“Haremos todo lo que queramos, podemos olvidar el mundo. Entiende que si te caes ahora yo caería contigo y me reiría de lo alto que se ven los demás desde abajo…” Frase de mi madre cuando me rompí una pierna en pleno maratón de atletismo.

Ella decía que nací gritando fuerte y que el llanto cesó cuando me pusieron en su regazo.

“Tus latidos eran fuertes como los trotes de un caballo, los podía sentir en mi pecho, no podía creer que estuvieras conmigo, con vida, eras un milagro”.

Bebés nacen todos los días, le repetía mientras alborotaba su cabello cada vez que recordaba mi nacimiento. Con ella tuve mi primera cita. A los 4 años dejó un smokin negro sobre la cama, un moño rojo y los zapatos negros lustrados, le pidió a papá que me bañara y cambiara, esa fue también la primera vez que fui al peluquero y no al estilista, una vez listo mi papá me roció de su fragancia, colgó la pequeña pañalera a mis hombros, se sentó en cuclillas acoplándose a mi estatura y dijo: “hoy tendrás una cita con una mujer hermosa, trátala bien y permite que cene lo que quiera, yo los estaré esperando. ¿Entendido?” Asentí con la cabeza, realmente no sabía lo que era una cita, pero el hecho de comer fuera de casa me emocionaba.

Papá me acompañó a la recámara de junto, pidió que tocara la puerta y antes de irse puso en mi mano una rosa; “seguro le gustará”. Después de dos toquidos se abrió la puerta, “que bonito vestido, mamá” ella sonrió e hizo un gesto de ternura cuando le obsequié la flor.

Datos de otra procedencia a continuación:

Lemma coverage_min (th : R) : crosses_down D th -> forall t, 0 <= t -> h th <= h t.
Proof.
case=> th0 _ Hl Hr t t0; have [tth|tht|->//] := ltgtP t th.
- have [x /andP[tx xth] E] := coverage_mvt tth.
  by have := Hl x (le_lt_trans t0 tx) xth; nra.
- have [x /andP[thx xt] E] := coverage_mvt tht.
  by have := Hr x thx; nra.
Qed.

Lemma exists_gscale_diff_ge0 {s : R} : 0 < s -> exists2 t, 0 < t < s & 0 <= D t.
Proof.
move=> s0; apply: contrapT => noD.
have [x x0s E] := coverage_mvt s0.
have Dx : D x < 0 by rewrite ltNge; apply/negP => Dx; apply: noD; exists x.
have h0 : h 0 = 1 by rewrite /coverage !mulr0 addrAC subrr add0r.
by have := coverage_le1 (ltW s0); rewrite h0 in E; nra.
Qed.

(* The windows (a u, b u] along u = t0 q^n, q = b / a, are adjacent, so F0 would exceed n d. *)
Lemma not_eventually_cdf_of_gap_ge (t0 d : R) : 0 < t0 -> 0 < d ->
  ~ (forall u, t0 <= u -> d <= cdf_of f0 (b * u) - cdf_of f0 (a * u)).
Proof.
move=> t00 d0 gap; set q := b / a.
have q1 : 1 <= q by rewrite /q ler_pdivlMr// mul1r ltW.
have aq n : a * (t0 * q ^+ n.+1) = b * (t0 * q ^+ n).
  by rewrite exprS /q; field; rewrite gt_eqF.
have Fn n : n%:R * d <= cdf_of f0 (a * (t0 * q ^+ n)).
  elim: n => [|n IH]; first by rewrite mul0r cdf_of_ge0.
  have qn : 1 <= q ^+ n by exact: exprn_ege1.
  have /gap : t0 <= t0 * q ^+ n by nra.
  by rewrite aq -natr1; lra.
pose n := (Num.truncn (1 / d)).+1.
have := Fn n; have := cdf_of_le1 (a * (t0 * q ^+ n)).
have : 1 < n%:R * d by rewrite -ltr_pdivrMr// truncnS_gt.
lra.
Qed.

Lemma exists_gscale_diff_le0 {s : R} : 0 <= s -> exists2 t, s < t & D t <= 0.
Proof.
move=> s0; apply: contrapT => noD.
have Dpos t : s < t -> 0 < D t.
  by move=> st; rewrite ltNge; apply/negP => Dt; apply: noD; exists t.
have h_decr u v : s < u -> u < v -> h v < h u.
  move=> su uv; have [x /andP[ux xv] E] := coverage_mvt uv.
  by have := Dpos x (lt_trans su ux); nra.
have ht0 : h (s + 1) < 1.
  apply: (lt_le_trans (h_decr (s + 2^-1) _ _ _)); try lra.
  by apply: coverage_le1; lra.
apply: (@not_eventually_cdf_of_gap_ge (s + 1) (1 - h (s + 1))); try lra.
move=> u su; suff : h u <= h (s + 1) by rewrite /coverage; lra.
move: su; rewrite le_eqVlt => /orP[/eqP->//|su].
by apply/ltW/h_decr => //; lra.
Qed.

Lemma exists_gscale_diff_root : exists2 t, 0 < t & D t = 0.
Proof.
have [t1 /andP[t1_gt0 _] D1] := exists_gscale_diff_ge0 ltr01.
have [t2 t12 D2] := exists_gscale_diff_le0 (ltW t1_gt0).
have [|t] := @IVT R D t1 t2 0 (ltW t12) (continuous_subspaceT continuous_gscale_diff).
  by rewrite ge_min le_max D1 D2 orbT.
by rewrite in_itv /= => /andP[t1t _] Dt; exists t => //; exact: lt_le_trans t1t.
Qed.

Lemma gscale_diffE (t : R) : 0 < t -> D t = gscale f0 t a * (r t - 1).
Proof. by move=> t0; rewrite mulrBr mulr1 mulrC divfK// gt_eqF// gscale_gt0. Qed.

Lemma exists_crosses_down : exists th, crosses_down D th.
Proof.
have [th th0 Dth] := exists_gscale_diff_root.
have ga_gt0 t : 0 < t -> 0 < gscale f0 t a by exact: gscale_gt0.
have D_gt0 t : 0 < t -> (0 < D t) = (1 < r t).
  by move=> t0; rewrite gscale_diffE// pmulr_rgt0 ?ga_gt0// subr_gt0.
have D_lt0 t : 0 < t -> (D t < 0) = (r t < 1).
  by move=> t0; rewrite gscale_diffE// pmulr_rlt0 ?ga_gt0// subr_lt0.
have r_th : r th = 1.
  apply/eqP; move: Dth; rewrite gscale_diffE// => /eqP.
  by rewrite mulf_eq0 gt_eqF ?ga_gt0//= subr_eq0.
exists th; case: (f0_MLR _ _ a_gt0 lt_ab) => mono.
- have [t /andP[t0 tth] Dt] := exists_gscale_diff_ge0 th0.
  by move: Dt; rewrite leNgt D_lt0// -r_th mono.
- split=> // [t t0 tth|t tht]; first by rewrite D_gt0// -r_th mono.
  by rewrite D_lt0 ?(lt_trans th0)// -r_th mono// (lt_trans th0).
Qed.

End crossing.


Lemma exists_crossing_family : exists theta : R -> R,
  forall c, 1 < c -> crosses_down (gscale_diff f0 (c / (c + 1)) (c / (c - 1))) (theta c).
Proof.
suff /choice[theta Htheta] c : exists th,
    1 < c -> crosses_down (gscale_diff f0 (c / (c + 1)) (c / (c - 1))) th.
  by exists theta.
have [c1|_] := ltP 1 c; last by exists 0.
have /andP[a0 ab] := scale_pair_lt c1.
by have [th ?] := exists_crosses_down a0 ab; exists th.
Qed.

Lemma crossing_family_continuous (theta : R -> R) (c : R) :
  (forall c, 1 < c -> crosses_down (gscale_diff f0 (c / (c + 1)) (c / (c - 1))) (theta c)) ->
  1 < c -> {for c, continuous theta}.
Proof.
move=> Htheta c1.
apply: (@crosses_down_continuous _ (fun x => gscale_diff f0 (x / (x + 1)) (x / (x - 1)))).
  by near=> x; apply: Htheta; near: x; exact: (@cvgr_gt _ _ _ _ id c cvg_id 1 c1).
have shift (t k : R) : c + k != 0 -> {for c, continuous (fun x : R => gscale f0 t (x / (x + k)))}.
  by move=> ck; apply/continuous_gscale_param/continuous_div_shift.
have c1' : c + (- 1) != 0 by rewrite gt_eqF//; lra.
have c2 : c + 1 != 0 by rewrite gt_eqF//; lra.
by move=> t; exact: (cvgB (shift t _ c1') (shift t _ c2)).
Unshelve. all: end_near. Qed.

Lemma root_equationE {c t : R} : 1 < c -> 0 < t ->
  f0 (c / (c + 1) * t) / f0 (c / (c - 1) * t) = (c + 1) / (c - 1) <->
  gscale_diff f0 (c / (c + 1)) (c / (c - 1)) t = 0.
Proof.
move=> c1 t0; have /andP[a0 ab] := scale_pair_lt c1.
have B0 : 0 < f0 (c / (c - 1) * t) by rewrite f0_gt0// mulr_gt0// (lt_trans a0 ab).
rewrite /gscale_diff /gscale.
set A := f0 (_ / (c + 1) * _); set B := f0 (_ / (c - 1) * _).
split=> [E|D0].
- have -> : A = (c + 1) / (c - 1) * B by rewrite -E divfK// gt_eqF.
  by field; rewrite ?gt_eqF//; lra.
- have -> : A = (c + 1) / (c - 1) * B.
    transitivity (A + (c + 1) / c * (c / (c - 1) * B - c / (c + 1) * A)).
      by rewrite D0 mulr0 addr0.
    by field; rewrite ?gt_eqF//; lra.
  by rewrite mulfK// gt_eqF.
Qed.

Lemma inf_cover_prob (c th : R) : 1 < c ->
  crosses_down (gscale_diff f0 (c / (c + 1)) (c / (c - 1))) th ->
  ereal_inf [set p | exists mu sigma : R, 0 < sigma /\ p = cover_prob f0 c mu sigma]
  = (coverage f0 (c / (c + 1)) (c / (c - 1)) th)%:E.
Proof.
move=> c1 cross; have [th0 _ _ _] := cross.
apply/eqP; rewrite eq_le; apply/andP; split.
- apply: ereal_inf_lbound; exists (- th), 1; split => //.
  by rewrite cover_probE// normrN divr1 gtr0_norm.
- apply: le_ereal_inf_tmp => _ [m [s [s0 ->]]].
  by rewrite cover_probE// lee_fin; apply: (coverage_min _ cross); rewrite divr_ge0// ltW.
Qed.

End density.

Theorem theorem3p2 (R : realType) (f0 : R -> R)
  (hcont : continuous f0)
  (hnonneg : forall z : R, 0 <= f0 z)
  (hint : (\int[@lebesgue_measure R]_z (f0 z)%:E = 1)%E)
  (hsym : forall z : R, f0 (- z) = f0 z)
  (hMLR : forall a1 a2 : R, 0 < a1 -> a1 < a2 ->
     strictly_monotone_pos (fun th => gscale f0 th a2 / gscale f0 th a1))
  (hconv : forall a1 a2 : R, 0 < a1 -> a1 < a2 ->
     convex_pos (fun th => ln (gscale f0 th a2 / gscale f0 th a1))) :
  exists theta : R -> R,
    (forall c : R, 1 < c ->
       0 < theta c /\
       f0 (c / (c + 1) * theta c) / f0 (c / (c - 1) * theta c) = (c + 1) / (c - 1) /\
       (forall t : R, 0 < t ->
          f0 (c / (c + 1) * t) / f0 (c / (c - 1) * t) = (c + 1) / (c - 1) ->
          t = theta c)) /\
    {within `]1, +oo[, continuous theta} /\
    (forall c : R, 1 < c ->
       ereal_inf [set p | exists mu sigma : R, 0 < sigma /\ p = cover_prob f0 c mu sigma]
       = (cdf_of f0 (c / (c + 1) * theta c) + 1 - cdf_of f0 (c / (c - 1) * theta c))%:E) /\
    {within `]1, +oo[, continuous (fun c => cdf_of f0 (c / (c + 1) * theta c) + 1
                                           - cdf_of f0 (c / (c - 1) * theta c))}.
Proof.
have [theta Htheta] := exists_crossing_family hcont hnonneg hint hMLR.
have theta_cont c : 1 < c -> {for c, continuous theta}.
  exact: crossing_family_continuous hcont _ _ Htheta.
have within_gt1 (f : R -> R) : (forall c, 1 < c -> {for c, continuous f}) ->
    {within `]1, +oo[, continuous f}.
  move=> fc; rewrite continuous_open_subspace; last exact: interval_open.
  move=> c; rewrite inE /= in_itv /= andbT; exact: fc.
exists theta; split; [|split; [|split]].
- move=> c c1; have [th0 Dth _ _] := Htheta c c1.
  split=> //; split=> [|t t0 /(root_equationE hnonneg hMLR c1 t0)].
    exact/(root_equationE hnonneg hMLR c1 th0).
  exact: crosses_down_unique (Htheta c c1) t0.
- exact: within_gt1.
- by move=> c c1; exact: inf_cover_prob hcont hnonneg hint hsym _ _ c1 (Htheta c c1).
- apply: within_gt1 => c c1.
  apply: (continuous_coverage_param hcont hnonneg hint _ _ _ _ _ _ (theta_cont c c1));
    apply: continuous_div_shift; rewrite gt_eqF//; lra.
Qed.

Salimos en su auto a nuestra cita. Por el retrovisor la veía cantando la música que yo mismo había seleccionado: villancicos y cri-cri sonaban en el trayecto; al llegar, tomó mi mano, primero un elevador, luego escaleras, ya adentro; escuché a una señorita preguntar a qué nombre estaba la reservación, interrumpí con la inocencia de un niño de mi edad, aseguré: “al mío, yo la invité”. Ambas rieron.

Esa noche mamá me dejó pedir todo lo que quisiera, incluso un pastel de chocolate, cerezas pidió ella. Platicamos de su trabajo y yo le platiqué que Ana Lucía no me caía bien porque no me quiso prestar sus crayones el día que olvidé mi lapicera, recuerdo la cara de mamá: con las cejas reprobaba la conducta de Ana Lucía, pero con sus manos tapaba su boca evitando ser traicionada por la risa.

Al término de la cena, bailamos un poco, había un piano en el centro, la gente nos observaba enternecida y yo suponía que era porque mamá y yo bailábamos bien. Llegó la hora de irnos, caminé hacia la puerta, pero vi que ella no se movía, ven, me indico con la mano. “Un caballero recorre la silla mientras la mujer se levanta”, así que lo hice, me tomó de la mano y volvimos a casa. Dormí todo el camino, cuando mamá me entregó a los brazos de papá: abrí los ojos, ella dijo: felicidades, fue una gran cita y volví a dormir.

Han pasado 25 años desde aquel día y cada noche, cuando me alisto para salir, viene mi madre a mi pensamiento, como quisiera tocar de nuevo esa puerta con una flor en la mano para ella. Necesito de su risa para recordarme cómo éramos antes de que se fuera. Me enseñó, entre todo, a cómo tratar a una chica.

Hoy el smokin es negro, el moño rojo y los zapatos lustrosos, papá está afuera esperando por mí para llevarme a la iglesia. Hoy es mi boda.

Para este momento recurrí repetitivas ocasiones al hospital donde murió mamá, no fue fácil conseguir el nombre de la persona que lleva su corazón. La donación es un tema de suma discreción. Victoria, se llama. Apenas es un poco mayor que mi madre y por increíble que parezca: no son tan diferentes. Ambas tienen un gusto por las cerezas y el pastel de chocolate.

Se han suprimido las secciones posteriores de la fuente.